Items listed in a dataset:

※

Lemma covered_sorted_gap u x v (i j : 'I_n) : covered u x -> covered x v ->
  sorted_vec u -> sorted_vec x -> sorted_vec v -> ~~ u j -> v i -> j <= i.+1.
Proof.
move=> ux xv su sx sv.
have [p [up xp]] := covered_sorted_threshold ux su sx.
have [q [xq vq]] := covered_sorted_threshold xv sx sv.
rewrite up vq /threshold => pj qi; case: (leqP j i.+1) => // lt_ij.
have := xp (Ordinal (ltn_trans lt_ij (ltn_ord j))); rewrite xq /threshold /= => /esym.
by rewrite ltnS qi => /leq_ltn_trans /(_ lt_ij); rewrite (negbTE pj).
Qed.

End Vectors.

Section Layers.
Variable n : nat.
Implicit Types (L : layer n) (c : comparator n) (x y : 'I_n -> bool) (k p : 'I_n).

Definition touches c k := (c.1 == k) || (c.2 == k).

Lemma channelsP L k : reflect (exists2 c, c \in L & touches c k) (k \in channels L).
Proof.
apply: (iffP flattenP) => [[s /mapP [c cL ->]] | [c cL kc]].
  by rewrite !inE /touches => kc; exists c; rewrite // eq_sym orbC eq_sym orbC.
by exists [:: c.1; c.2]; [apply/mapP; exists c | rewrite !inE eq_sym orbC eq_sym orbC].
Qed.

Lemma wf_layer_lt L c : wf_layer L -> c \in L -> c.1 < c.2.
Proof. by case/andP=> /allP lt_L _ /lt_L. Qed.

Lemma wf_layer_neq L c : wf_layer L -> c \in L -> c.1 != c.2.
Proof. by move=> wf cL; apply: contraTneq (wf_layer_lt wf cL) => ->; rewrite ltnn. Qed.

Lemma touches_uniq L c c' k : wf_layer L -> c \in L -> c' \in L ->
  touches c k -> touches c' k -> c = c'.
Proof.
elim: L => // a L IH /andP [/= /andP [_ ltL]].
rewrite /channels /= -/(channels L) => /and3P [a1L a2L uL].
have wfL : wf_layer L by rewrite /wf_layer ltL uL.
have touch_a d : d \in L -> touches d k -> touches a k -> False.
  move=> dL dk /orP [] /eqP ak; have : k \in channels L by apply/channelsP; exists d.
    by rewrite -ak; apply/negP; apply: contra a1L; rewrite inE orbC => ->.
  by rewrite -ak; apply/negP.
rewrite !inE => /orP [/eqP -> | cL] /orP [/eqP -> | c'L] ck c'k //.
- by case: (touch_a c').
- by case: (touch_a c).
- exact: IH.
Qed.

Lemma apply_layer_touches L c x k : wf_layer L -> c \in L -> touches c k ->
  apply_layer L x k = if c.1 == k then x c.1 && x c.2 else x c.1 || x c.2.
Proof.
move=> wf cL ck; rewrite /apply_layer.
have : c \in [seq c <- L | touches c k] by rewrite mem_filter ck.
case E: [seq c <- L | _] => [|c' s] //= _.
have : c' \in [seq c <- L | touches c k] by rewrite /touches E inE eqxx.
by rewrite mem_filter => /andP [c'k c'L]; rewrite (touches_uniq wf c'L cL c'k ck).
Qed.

※

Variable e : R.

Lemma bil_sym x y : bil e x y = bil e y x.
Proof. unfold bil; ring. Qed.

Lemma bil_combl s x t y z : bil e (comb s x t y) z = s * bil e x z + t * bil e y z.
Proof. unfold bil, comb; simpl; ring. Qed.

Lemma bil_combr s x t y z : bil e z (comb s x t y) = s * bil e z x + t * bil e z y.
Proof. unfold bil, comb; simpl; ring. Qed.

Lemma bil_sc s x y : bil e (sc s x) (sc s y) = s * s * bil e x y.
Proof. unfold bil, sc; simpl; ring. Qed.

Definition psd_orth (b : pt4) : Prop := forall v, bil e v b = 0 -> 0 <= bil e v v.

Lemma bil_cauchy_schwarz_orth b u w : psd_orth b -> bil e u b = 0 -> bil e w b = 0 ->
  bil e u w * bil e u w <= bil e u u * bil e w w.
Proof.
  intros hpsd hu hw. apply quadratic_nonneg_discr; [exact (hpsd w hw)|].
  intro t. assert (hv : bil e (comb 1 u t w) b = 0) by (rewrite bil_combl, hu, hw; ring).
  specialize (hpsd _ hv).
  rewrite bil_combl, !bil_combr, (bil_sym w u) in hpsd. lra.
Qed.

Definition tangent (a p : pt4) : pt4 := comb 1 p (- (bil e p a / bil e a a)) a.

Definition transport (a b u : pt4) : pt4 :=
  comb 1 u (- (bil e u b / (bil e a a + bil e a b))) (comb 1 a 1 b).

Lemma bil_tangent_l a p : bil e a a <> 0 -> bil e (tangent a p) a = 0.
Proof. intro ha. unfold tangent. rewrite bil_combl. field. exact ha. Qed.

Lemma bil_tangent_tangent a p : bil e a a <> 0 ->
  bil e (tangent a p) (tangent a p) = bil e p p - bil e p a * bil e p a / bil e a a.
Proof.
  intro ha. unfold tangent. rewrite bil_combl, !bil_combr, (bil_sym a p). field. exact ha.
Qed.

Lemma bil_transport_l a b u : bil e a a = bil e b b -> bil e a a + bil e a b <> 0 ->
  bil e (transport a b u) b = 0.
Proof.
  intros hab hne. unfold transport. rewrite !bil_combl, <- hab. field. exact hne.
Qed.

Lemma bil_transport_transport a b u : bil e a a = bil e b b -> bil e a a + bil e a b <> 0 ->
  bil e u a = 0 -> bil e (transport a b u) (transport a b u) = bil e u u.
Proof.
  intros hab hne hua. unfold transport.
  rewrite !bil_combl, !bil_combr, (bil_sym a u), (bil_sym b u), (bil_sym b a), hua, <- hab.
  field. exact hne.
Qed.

※

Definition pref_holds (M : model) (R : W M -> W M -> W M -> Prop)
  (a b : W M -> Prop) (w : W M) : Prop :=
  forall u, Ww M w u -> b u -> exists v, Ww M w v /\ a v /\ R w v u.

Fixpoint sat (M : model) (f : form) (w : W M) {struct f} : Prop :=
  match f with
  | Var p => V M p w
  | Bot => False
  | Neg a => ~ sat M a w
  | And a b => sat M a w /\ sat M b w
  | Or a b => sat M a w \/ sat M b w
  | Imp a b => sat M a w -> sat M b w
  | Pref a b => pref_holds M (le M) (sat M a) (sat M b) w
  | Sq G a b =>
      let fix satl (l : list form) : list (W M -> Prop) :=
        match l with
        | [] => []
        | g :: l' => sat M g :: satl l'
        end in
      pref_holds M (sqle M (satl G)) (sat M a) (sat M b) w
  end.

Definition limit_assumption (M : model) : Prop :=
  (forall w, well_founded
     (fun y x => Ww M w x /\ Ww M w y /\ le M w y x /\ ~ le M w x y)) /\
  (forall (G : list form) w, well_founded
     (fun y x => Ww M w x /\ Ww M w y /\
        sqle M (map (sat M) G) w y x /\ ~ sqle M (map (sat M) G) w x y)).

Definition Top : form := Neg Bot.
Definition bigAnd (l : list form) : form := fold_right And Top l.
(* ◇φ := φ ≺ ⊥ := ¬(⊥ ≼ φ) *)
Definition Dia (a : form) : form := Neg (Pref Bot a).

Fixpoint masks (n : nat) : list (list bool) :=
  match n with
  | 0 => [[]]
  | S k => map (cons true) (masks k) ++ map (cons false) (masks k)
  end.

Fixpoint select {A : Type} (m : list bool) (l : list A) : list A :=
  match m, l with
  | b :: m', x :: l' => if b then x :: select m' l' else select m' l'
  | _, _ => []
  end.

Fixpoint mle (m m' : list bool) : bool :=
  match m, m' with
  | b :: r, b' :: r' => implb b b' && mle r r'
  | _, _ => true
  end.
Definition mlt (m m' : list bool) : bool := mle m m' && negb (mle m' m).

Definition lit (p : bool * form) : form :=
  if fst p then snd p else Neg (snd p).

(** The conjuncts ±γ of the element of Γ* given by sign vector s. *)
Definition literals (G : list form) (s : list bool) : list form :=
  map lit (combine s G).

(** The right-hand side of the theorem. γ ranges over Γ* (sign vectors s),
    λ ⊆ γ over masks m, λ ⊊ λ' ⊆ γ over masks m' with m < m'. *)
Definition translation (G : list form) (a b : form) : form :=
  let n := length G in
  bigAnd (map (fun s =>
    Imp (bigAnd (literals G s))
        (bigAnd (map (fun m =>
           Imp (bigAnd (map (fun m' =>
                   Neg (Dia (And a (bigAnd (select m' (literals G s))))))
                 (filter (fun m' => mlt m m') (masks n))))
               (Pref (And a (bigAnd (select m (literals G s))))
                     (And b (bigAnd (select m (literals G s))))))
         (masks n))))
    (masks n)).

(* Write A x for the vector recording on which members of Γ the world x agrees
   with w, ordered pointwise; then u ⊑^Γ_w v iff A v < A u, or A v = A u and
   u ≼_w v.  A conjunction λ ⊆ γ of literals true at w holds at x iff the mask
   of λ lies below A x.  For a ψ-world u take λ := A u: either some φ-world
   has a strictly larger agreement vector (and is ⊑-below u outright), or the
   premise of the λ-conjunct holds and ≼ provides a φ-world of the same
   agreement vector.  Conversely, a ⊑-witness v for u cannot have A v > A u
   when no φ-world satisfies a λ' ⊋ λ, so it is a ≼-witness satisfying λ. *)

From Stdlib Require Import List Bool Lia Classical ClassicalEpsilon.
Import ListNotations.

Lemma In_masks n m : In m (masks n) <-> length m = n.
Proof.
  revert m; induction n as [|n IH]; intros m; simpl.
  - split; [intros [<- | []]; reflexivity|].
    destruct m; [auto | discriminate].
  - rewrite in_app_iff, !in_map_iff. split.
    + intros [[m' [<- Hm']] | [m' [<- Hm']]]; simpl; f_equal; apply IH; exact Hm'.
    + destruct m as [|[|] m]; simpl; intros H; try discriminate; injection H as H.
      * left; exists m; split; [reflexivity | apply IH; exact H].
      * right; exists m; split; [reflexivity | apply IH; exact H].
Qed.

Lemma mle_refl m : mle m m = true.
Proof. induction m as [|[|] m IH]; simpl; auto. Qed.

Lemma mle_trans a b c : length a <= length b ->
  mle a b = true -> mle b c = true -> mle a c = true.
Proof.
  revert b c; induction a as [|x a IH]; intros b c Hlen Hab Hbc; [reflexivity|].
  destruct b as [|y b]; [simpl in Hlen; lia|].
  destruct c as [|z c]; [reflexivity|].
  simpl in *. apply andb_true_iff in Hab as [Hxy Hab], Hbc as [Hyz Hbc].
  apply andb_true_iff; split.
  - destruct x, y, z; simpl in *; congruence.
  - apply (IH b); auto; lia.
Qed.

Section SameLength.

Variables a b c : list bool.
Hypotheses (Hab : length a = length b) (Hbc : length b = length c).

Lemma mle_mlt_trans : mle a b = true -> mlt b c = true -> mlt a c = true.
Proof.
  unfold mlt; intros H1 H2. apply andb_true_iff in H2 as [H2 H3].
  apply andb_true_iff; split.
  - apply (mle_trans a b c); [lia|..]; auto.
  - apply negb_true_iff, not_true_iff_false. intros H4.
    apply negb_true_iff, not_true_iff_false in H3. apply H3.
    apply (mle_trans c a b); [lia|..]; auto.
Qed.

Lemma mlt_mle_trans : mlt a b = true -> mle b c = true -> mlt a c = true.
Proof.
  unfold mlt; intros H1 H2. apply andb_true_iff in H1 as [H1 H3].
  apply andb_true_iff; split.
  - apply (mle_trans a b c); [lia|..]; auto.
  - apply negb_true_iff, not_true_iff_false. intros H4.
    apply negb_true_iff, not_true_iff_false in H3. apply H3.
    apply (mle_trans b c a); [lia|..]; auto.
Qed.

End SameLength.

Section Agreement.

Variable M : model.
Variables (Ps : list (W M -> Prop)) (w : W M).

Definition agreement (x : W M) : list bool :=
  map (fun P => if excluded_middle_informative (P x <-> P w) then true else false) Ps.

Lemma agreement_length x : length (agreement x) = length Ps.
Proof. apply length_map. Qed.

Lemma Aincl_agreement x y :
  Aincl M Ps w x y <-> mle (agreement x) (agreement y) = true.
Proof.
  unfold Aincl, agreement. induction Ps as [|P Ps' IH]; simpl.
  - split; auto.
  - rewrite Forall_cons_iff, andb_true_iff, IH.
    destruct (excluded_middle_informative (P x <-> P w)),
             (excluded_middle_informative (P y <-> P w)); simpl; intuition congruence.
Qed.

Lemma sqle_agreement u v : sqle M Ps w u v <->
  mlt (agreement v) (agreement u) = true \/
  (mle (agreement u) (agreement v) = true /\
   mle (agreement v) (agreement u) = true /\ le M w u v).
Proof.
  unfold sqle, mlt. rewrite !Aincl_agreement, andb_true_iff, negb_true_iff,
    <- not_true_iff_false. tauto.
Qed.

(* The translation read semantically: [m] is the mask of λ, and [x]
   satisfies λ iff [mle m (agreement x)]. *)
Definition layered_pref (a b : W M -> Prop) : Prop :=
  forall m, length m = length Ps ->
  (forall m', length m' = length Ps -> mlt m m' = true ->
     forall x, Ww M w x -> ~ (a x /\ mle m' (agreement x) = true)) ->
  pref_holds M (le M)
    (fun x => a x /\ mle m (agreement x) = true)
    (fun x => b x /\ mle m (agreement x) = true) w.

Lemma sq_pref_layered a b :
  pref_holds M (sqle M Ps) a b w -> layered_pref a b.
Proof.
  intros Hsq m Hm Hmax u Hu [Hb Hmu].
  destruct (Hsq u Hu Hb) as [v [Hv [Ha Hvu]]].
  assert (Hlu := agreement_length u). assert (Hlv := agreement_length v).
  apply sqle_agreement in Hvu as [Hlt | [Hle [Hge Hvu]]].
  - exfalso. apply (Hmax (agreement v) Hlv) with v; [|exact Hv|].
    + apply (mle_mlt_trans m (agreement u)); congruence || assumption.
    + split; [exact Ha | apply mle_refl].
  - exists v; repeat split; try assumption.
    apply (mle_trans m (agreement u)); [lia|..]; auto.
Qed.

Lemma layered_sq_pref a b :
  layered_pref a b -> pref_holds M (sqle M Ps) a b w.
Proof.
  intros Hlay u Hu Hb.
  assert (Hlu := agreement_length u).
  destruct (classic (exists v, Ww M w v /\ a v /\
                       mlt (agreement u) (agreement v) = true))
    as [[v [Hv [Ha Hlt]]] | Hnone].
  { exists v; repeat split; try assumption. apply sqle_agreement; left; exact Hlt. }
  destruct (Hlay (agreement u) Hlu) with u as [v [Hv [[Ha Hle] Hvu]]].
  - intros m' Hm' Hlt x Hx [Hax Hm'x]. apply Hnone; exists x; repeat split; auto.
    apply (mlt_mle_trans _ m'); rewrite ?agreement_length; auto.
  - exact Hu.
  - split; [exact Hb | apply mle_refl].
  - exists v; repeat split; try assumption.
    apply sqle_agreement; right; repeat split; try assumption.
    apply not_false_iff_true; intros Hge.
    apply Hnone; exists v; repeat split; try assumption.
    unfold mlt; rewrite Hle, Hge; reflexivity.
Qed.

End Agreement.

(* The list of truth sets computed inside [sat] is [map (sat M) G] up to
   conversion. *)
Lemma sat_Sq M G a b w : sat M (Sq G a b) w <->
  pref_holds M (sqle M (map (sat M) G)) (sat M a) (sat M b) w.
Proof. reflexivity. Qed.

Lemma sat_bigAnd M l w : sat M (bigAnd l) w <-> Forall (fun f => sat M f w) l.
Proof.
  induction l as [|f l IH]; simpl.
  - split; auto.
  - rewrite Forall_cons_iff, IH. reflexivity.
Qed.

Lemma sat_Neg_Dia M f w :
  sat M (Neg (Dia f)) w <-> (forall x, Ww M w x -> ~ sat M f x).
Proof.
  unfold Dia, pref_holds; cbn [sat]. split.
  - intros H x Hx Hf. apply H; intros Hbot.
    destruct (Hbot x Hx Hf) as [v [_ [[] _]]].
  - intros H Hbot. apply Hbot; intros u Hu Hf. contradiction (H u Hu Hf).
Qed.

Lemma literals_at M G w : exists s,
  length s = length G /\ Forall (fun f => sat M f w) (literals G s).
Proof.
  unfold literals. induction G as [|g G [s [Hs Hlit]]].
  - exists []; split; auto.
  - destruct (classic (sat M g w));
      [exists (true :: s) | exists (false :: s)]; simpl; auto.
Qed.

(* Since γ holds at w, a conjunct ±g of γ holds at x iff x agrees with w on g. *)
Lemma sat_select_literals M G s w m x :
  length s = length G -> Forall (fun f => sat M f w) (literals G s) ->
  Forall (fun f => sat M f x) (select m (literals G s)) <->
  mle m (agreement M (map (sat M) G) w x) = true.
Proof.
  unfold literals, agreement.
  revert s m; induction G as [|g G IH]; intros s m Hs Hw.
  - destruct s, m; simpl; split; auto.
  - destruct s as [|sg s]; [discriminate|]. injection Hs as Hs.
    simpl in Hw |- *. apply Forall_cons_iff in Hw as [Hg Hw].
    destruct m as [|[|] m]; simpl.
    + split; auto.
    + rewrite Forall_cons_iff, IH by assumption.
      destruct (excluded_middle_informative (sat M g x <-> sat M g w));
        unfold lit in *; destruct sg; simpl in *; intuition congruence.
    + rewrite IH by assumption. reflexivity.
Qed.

※

Reproduce only the lines above spanning from the line containing "Lemma sq_pref_layered a" through the line containing "Proof. reflexivity. Qed.", word for word.

Task response:
Lemma sq_pref_layered a b :
  pref_holds M (sqle M Ps) a b w -> layered_pref a b.
Proof.
  intros Hsq m Hm Hmax u Hu [Hb Hmu].
  destruct (Hsq u Hu Hb) as [v [Hv [Ha Hvu]]].
  assert (Hlu := agreement_length u). assert (Hlv := agreement_length v).
  apply sqle_agreement in Hvu as [Hlt | [Hle [Hge Hvu]]].
  - exfalso. apply (Hmax (agreement v) Hlv) with v; [|exact Hv|].
    + apply (mle_mlt_trans m (agreement u)); congruence || assumption.
    + split; [exact Ha | apply mle_refl].
  - exists v; repeat split; try assumption.
    apply (mle_trans m (agreement u)); [lia|..]; auto.
Qed.

Lemma layered_sq_pref a b :
  layered_pref a b -> pref_holds M (sqle M Ps) a b w.
Proof.
  intros Hlay u Hu Hb.
  assert (Hlu := agreement_length u).
  destruct (classic (exists v, Ww M w v /\ a v /\
                       mlt (agreement u) (agreement v) = true))
    as [[v [Hv [Ha Hlt]]] | Hnone].
  { exists v; repeat split; try assumption. apply sqle_agreement; left; exact Hlt. }
  destruct (Hlay (agreement u) Hlu) with u as [v [Hv [[Ha Hle] Hvu]]].
  - intros m' Hm' Hlt x Hx [Hax Hm'x]. apply Hnone; exists x; repeat split; auto.
    apply (mlt_mle_trans _ m'); rewrite ?agreement_length; auto.
  - exact Hu.
  - split; [exact Hb | apply mle_refl].
  - exists v; repeat split; try assumption.
    apply sqle_agreement; right; repeat split; try assumption.
    apply not_false_iff_true; intros Hge.
    apply Hnone; exists v; repeat split; try assumption.
    unfold mlt; rewrite Hle, Hge; reflexivity.
Qed.

End Agreement.

(* The list of truth sets computed inside [sat] is [map (sat M) G] up to
   conversion. *)
Lemma sat_Sq M G a b w : sat M (Sq G a b) w <->
  pref_holds M (sqle M (map (sat M) G)) (sat M a) (sat M b) w.
Proof. reflexivity. Qed.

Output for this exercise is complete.